Coming to know God’s name in Egypt
Exodus 5-15 vividly displays the difference. Several groups appear – Moses, Pharaoh, the people of Israel, the people of Egypt and by extension, the surrounding “nations.” Moses had come to “know God’s name” through personal experience. This culminated in his experience with God described in Exodus 33, when God showed him his glory (19And he said, “I will make all my goodness pass before you and will proclaim before you my name).
Pharaoh didn’t “know” God’s name. He mockingly asked Moses, 2“Who is the Lord, that I should obey his voice and let Israel go? I do not know the Lord, and moreover, I will not let Israel go.”). God arranged for Pharaoh to come to “know” by experience just who the Lord was. One by one the ten plagues were sent so that Pharaoh might “know that there is none like me [i.e. the Lord] in all the earth” (Exodus 9:14). In the end he confessed, “Now I know that the Lord is greater than all gods” (Exodus 18:11).

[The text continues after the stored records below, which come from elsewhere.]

(* Minkowski patch of tilde Ein^{p,q}: a connected component of
   pi^{-1}({[u] : B(v,u) <> 0}) = {u in tilde Ein : B(v,u) <> 0}, v isotropic *)
Definition mink_patch (p q : nat) (M : pt -> Prop) : Prop :=
  exists v, supp (p + q + 2) v /\ form (p + 1) (p + q + 2) v v = 0 /\
    component (p + q + 2)
      (fun u => Eint p q u /\ form (p + 1) (p + q + 2) v u <> 0) M.

Definition open_in (k : nat) (U : pt -> Prop) : Prop :=
  forall x, U x -> supp k x /\ exists eps, 0 < eps /\
    forall y, supp k y -> dist k x y < eps -> U y.

Definition cont_on (k : nat) (U : pt -> Prop) (g : pt -> R) : Prop :=
  forall x, U x -> forall eps, 0 < eps -> exists delta, 0 < delta /\
    forall y, U y -> dist k x y < delta -> Rabs (g y - g x) < eps.

Fixpoint Ck (m k : nat) (U : pt -> Prop) (g : pt -> R) : Prop :=
  match m with
  | O => cont_on k U g
  | S m' => cont_on k U g /\
      forall i, (i < k)%nat -> exists dg : pt -> R,
        (forall x, U x ->
           derivable_pt_lim (fun t => g (vadd x (vscal t (ebasis i)))) 0 (dg x))
        /\ Ck m' k U dg
  end.

Definition smooth (k : nat) (U : pt -> Prop) (g : pt -> R) : Prop :=
  forall m, Ck m k U g.

Definition smooth_map (k l : nat) (U : pt -> Prop) (F : pt -> pt) : Prop :=
  open_in k U /\ (forall x, U x -> supp l (F x)) /\
  forall j, (j < l)%nat -> smooth k U (fun x => F x j).

(* Stereographic projection: a conformal diffeomorphism s : M0 -> R^{p,q}.
   - s is a bijection of M0 onto R^n (n = p+q);
   - s is smooth on the embedded submanifold M0 (locally the restriction of a
     smooth map defined on an open set of R^{n+2});
   - its inverse phi : R^n -> M0 is smooth;
   - conformality: the pull-back by phi of the (conformal class of the)
     metric B restricted to tilde Ein is a positive multiple of b. *)
Definition is_stereo (p q : nat) (M0 : pt -> Prop) (s : pt -> pt) : Prop :=
  let n := (p + q)%nat in
  let N := (p + q + 2)%nat in
  (forall u, M0 u -> supp n (s u)) /\
  (forall u u', M0 u -> M0 u' -> s u = s u' -> u = u') /\
  (forall y, supp n y -> exists u, M0 u /\ s u = y) /\
  (forall u, M0 u -> exists U : pt -> Prop, U u /\
      exists F, smooth_map N n U F /\ forall u', U u' -> M0 u' -> F u' = s u') /\
  exists phi : pt -> pt,
    (forall y, supp n y -> M0 (phi y) /\ s (phi y) = y) /\
    smooth_map n N (supp n) phi /\
    forall y, supp n y -> exists mu, 0 < mu /\
      forall xi eta a c : pt, supp n xi -> supp n eta ->
        (forall j, (j < N)%nat ->
           derivable_pt_lim (fun t => phi (vadd y (vscal t xi)) j) 0 (a j)) ->
        (forall j, (j < N)%nat ->
           derivable_pt_lim (fun t => phi (vadd y (vscal t eta)) j) 0 (c j)) ->
        form (p + 1) N a c = mu * form p n xi eta.

Definition in_cone (p q : nat) (w : pt) : Prop :=
  supp (p + q) w /\ form p (p + q) w w = 0.

Definition Hwa (p q : nat) (w : pt) (alpha : R) : pt -> Prop :=
  fun v => supp (p + q) v /\ form p (p + q) w v > alpha.

From Stdlib Require Import Reals Lra Lia FunctionalExtensionality ClassicalEpsilon.
Open Scope R_scope.

(* Each Minkowski patch is a positive cone [{u : B(v, u) > 0}] of an isotropic vector [v]: a
   patch is a connected component of [B(v, .) <> 0] and each of the two sign regions is connected.
   If [s(M0 /\ M1)] is a half-space then [B(v0, v1) = 0]: otherwise [M0] contains a point of
   the line [R v1], and along a suitable coordinate line through its image the function
   [B(v1, s^-1 .)] vanishes to first order with positive second derivative (conformality of
   [s^-1] and isotropy of the curve), so it is positive on both sides while the half-space is
   convex.  Now if [-u] lies in [M0] but [u] in neither [M1] nor [M2], either [v2] is a negative
   multiple of [v1], and then [M1 = iota M2], or some [z] pairs positively with [v1] and [v2];
   perturbing [-u] by [z] and re-projecting along [v0] onto [Ein] gives a point of
   [M0 /\ M1 /\ M2]. *)

Lemma rsum_ext k f g : (forall i, (i < k)%nat -> f i = g i) -> rsum k f = rsum k g.
Proof.
  induction k as [|k IH]; intros H; simpl; [reflexivity|].
  rewrite IH, (H k); auto; intros; apply H; lia.
Qed.

Lemma rsum_lin k a b f g :
  rsum k (fun i => a * f i + b * g i) = a * rsum k f + b * rsum k g.
Proof. induction k as [|k IH]; simpl; [ring | rewrite IH; ring]. Qed.

Lemma rsum_const0 k : rsum k (fun _ => 0) = 0.
Proof. induction k as [|k IH]; simpl; [|rewrite IH]; ring. Qed.

Lemma rsum_le k f g : (forall i, (i < k)%nat -> f i <= g i) -> rsum k f <= rsum k g.
Proof.
  induction k as [|k IH]; intros H; simpl; [lra|].
  assert (f k <= g k) by (apply H; lia).
  assert (rsum k f <= rsum k g) by (apply IH; intros; apply H; lia).
  lra.
Qed.

Lemma rsum_nonneg k f : (forall i, (i < k)%nat -> 0 <= f i) -> 0 <= rsum k f.
Proof. intros H; rewrite <- (rsum_const0 k); apply rsum_le; auto. Qed.

Lemma rsum_ge_term k f j :
  (forall i, (i < k)%nat -> 0 <= f i) -> (j < k)%nat -> f j <= rsum k f.
Proof.
  induction k as [|k IH]; intros H Hj; simpl; [lia|].
  assert (0 <= rsum k f) by (apply rsum_nonneg; intros; apply H; lia).
  destruct (Nat.eq_dec j k) as [->|Hne]; [lra|].
  assert (f j <= rsum k f) by (apply IH; [intros; apply H|]; lia).
  assert (0 <= f k) by (apply H; lia).
  lra.
Qed.

Lemma rsum_eq0_nonneg k f :
  (forall i, (i < k)%nat -> 0 <= f i) -> rsum k f = 0 -> forall i, (i < k)%nat -> f i = 0.
Proof.
  intros H H0 i Hi.
  assert (f i <= rsum k f) by (apply rsum_ge_term; auto).
  assert (0 <= f i) by auto.
  lra.
Qed.

Lemma rsum_abs k f : Rabs (rsum k f) <= rsum k (fun i => Rabs (f i)).
Proof.
  induction k as [|k IH]; simpl; [rewrite Rabs_R0; lra|].
  eapply Rle_trans; [apply Rabs_triang | lra].
Qed.

Lemma rsum_single k f j :
  (j < k)%nat -> (forall i, (i < k)%nat -> i <> j -> f i = 0) -> rsum k f = f j.
Proof.
  induction k as [|k IH]; intros Hj H; simpl; [lia|].
  destruct (Nat.eq_dec j k) as [->|Hne].
  - rewrite (rsum_ext _ _ (fun _ => 0)), rsum_const0; [ring|].
    intros; apply H; lia.
  - rewrite IH, (H k); try lia; [ring|]. intros; apply H; lia.
Qed.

The people of Egypt also came to know about Israel’s God through the plagues and the Exodus (Exodus 7:5). The ten plagues exposed the powerlessness of the gods the Egyptians trusted in. Israel, God’s people, came to know the Lord as their Deliverer, through the same events (Exodus 6:7).
David’s experience with God
David initially came to know “God’s name” while serving as a shepherd. This gave him the confidence to trust in God when Goliath mocked the people of God. When they met on the field of battle, David told Goliath, “This day the Lord will deliver you into my hand… that all the earth may know that there is a God in Israel.” Further experiences with God brought David into a deeper knowledge of God’s name. From this background, David, writing under the inspiration of God, declares to us, “those who know your name put their trust in you.”
A challenge to trust God ourselves
We, who have experienced God’s help in times of trouble and have come to know his name, are encouraged to trust him as new troubles surround us. He is a “stronghold” in times of trouble, verse 9 tells us. The word “stronghold” literally means an inaccessible, secure place high up in the rim-rock of the mountains, a place of safety and security one can go to in times of danger.
We are encouraged to trust God in new times of difficulty because we have experienced his help in the past and have come to know him as a “stronghold,” a place of security and safety in difficult times.